• WHAT THIS TASK INVOLVES
Transcribe, exactly as they appear, only the lines from the one holding "case E: (rcons (map" through the end of the entries below.

-- EXTRACTED MATERIAL follows --

(* Let $p$ be a prime and let $P$ be a finite $p$-group which can be generated by at most two elements. Let $f$ be a prime power such that $\mathrm{PSL}(2,f)$ is a non-abelian simple group, and suppose $\mathrm{PSL}(2,f)$ acts on $P$ via automorphisms. Then the action of $\mathrm{PSL}(2,f)$ on $P$ is trivial. *)

From HB Require Import structures.
From mathcomp Require Import all_boot all_order all_algebra all_fingroup all_solvable.
Set Implicit Arguments. Unset Strict Implicit. Unset Printing Implicit Defensive.
Import GRing.Theory.
Local Open Scope ring_scope.

Definition SL2 (F : finFieldType) : {set {'GL_2[F]}} :=
  [set g : {'GL_2[F]} | \det (GLval g) == 1].

Lemma SL2_group_set (F : finFieldType) : group_set (SL2 F).
Proof.
apply/group_setP; split.
  by rewrite inE GL_1E det1.
move=> x y; rewrite !inE => /eqP dx /eqP dy.
by rewrite GL_ME det_mulmx dx dy mulr1.
Qed.

Canonical SL2_group (F : finFieldType) := Group (SL2_group_set F).

Definition PSL2 (F : finFieldType) : {set coset_of 'Z(SL2 F)} :=
  (SL2 F / 'Z(SL2 F))%g.
Canonical PSL2_group (F : finFieldType) : {group coset_of 'Z(SL2 F)} :=
  Eval hnf in [group of PSL2 F].

(* The kernel of the action is a normal subgroup of the simple group PSL(2,f),
   so it suffices to rule out a faithful action, which we realise inside a
   semidirect product as A acting on P. A still acts faithfully on the Frattini
   quotient P/Phi(P): otherwise it acts trivially there by simplicity, and since
   an element of prime order q <> p acting trivially on P/Phi(P) acts trivially
   on P (coprime action), A would be a p-group. As P is 2-generated, P/Phi(P)
   has dimension at most 2 over F_p, so A embeds in GL(2,p). For p = 2 this
   group has order 6, too small for a non-abelian simple group. For p odd, A is
   perfect and hence lies in SL(2,p), whose only involution is -1; so the
   involution of PSL(2,f), the image of [[0,1],[-1,0]], would be central in A. *)

From HB Require Import structures.
From mathcomp Require Import all_boot all_order all_algebra all_fingroup all_solvable.
From mathcomp Require Import mxrepresentation mxabelem integral_char.
From mathcomp Require Import ring.

Set Implicit Arguments. Unset Strict Implicit. Unset Printing Implicit Defensive.
Lemma SAS_ext_run_fMs hs st : ext_run fm q0 hs st -> ext_run (@fMs D) q0 hs st.
Proof.
suff Hsub st1 st2 : reach fm st1 -> ext_run fm st1 hs st2 -> ext_run (@fMs D) st1 hs st2.
  by apply: Hsub; apply: reach0.
move=> + R; elim: R => [|{}st1 sa m st3 a h hs' E1 E2 _ IH] Hst; first by constructor.
have Hsa := reachS Hst E1.
by econstructor; [apply: (Hfm Hst).1 E1 | apply: (Hfm Hsa).1 E2 | apply/IH/(reachS Hsa E2)].
Qed.

Lemma strategy_of_run hs a h st : ext_run fm q0 (rcons hs (a, h)) st ->
  strategy_of fm (rcons (map fst hs) a) = hat_to_opt h.
Proof.
move=> R; rewrite /strategy_of.
case E: (rcons (map fst hs) a) => [|b al']; first by case: (map fst hs) E.
case: excluded_middle_informative => [H|[]]; last first.
  by exists (rcons hs (a, h)); split; [exists st | rewrite map_rcons].
case: (constructive_indefinite_description _ H) => hs0 [[st0 R0] E0] /=.
have -> : hs0 = rcons hs (a, h).
  by apply: SAS_ext_run_det (reach0 fm) R0 R _; rewrite E0 -E map_rcons.
by rewrite last_rcons.
Qed.

Lemma consistent_SAS_run hs st : ext_run fm q0 hs st -> consistent (strategy_of fm) hs.
Proof.
move=> R hs1 a h hs2 E; rewrite E -cat_rcons in R.
by have [m [Rm _]] := (ext_run_cat _ _ _ _ _).1 R; apply: strategy_of_run Rm.
Qed.

Lemma strategy_of_norun al a :
  (forall hs st, ext_run fm q0 hs st -> map fst hs <> rcons al a) ->
  strategy_of fm (rcons al a) = Some a.
Proof.
move=> Hn; rewrite /strategy_of.
case E: (rcons al a) => [|b al']; first by case: al {Hn} E.
case: excluded_middle_informative => [[hs [[st R] Em]]|_].
  by case: (Hn hs st R); rewrite Em.
by rewrite -[last b al']/(last a (b :: al')) -E last_rcons.
Qed.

-- EXTRACTED MATERIAL concluded --

• ANSWER SECTION
case E: (rcons (map fst hs) a) => [|b al']; first by case: (map fst hs) E.
case: excluded_middle_informative => [H|[]]; last first.
  by exists (rcons hs (a, h)); split; [exists st | rewrite map_rcons].
case: (constructive_indefinite_description _ H) => hs0 [[st0 R0] E0] /=.
have -> : hs0 = rcons hs (a, h).
  by apply: SAS_ext_run_det (reach0 fm) R0 R _; rewrite E0 -E map_rcons.
by rewrite last_rcons.
Qed.

Lemma consistent_SAS_run hs st : ext_run fm q0 hs st -> consistent (strategy_of fm) hs.
Proof.
move=> R hs1 a h hs2 E; rewrite E -cat_rcons in R.
by have [m [Rm _]] := (ext_run_cat _ _ _ _ _).1 R; apply: strategy_of_run Rm.
Qed.

Lemma strategy_of_norun al a :
  (forall hs st, ext_run fm q0 hs st -> map fst hs <> rcons al a) ->
  strategy_of fm (rcons al a) = Some a.
Proof.
move=> Hn; rewrite /strategy_of.
case E: (rcons al a) => [|b al']; first by case: al {Hn} E.
case: excluded_middle_informative => [[hs [[st R] Em]]|_].
  by case: (Hn hs st R); rewrite Em.
by rewrite -[last b al']/(last a (b :: al')) -E last_rcons.
Qed.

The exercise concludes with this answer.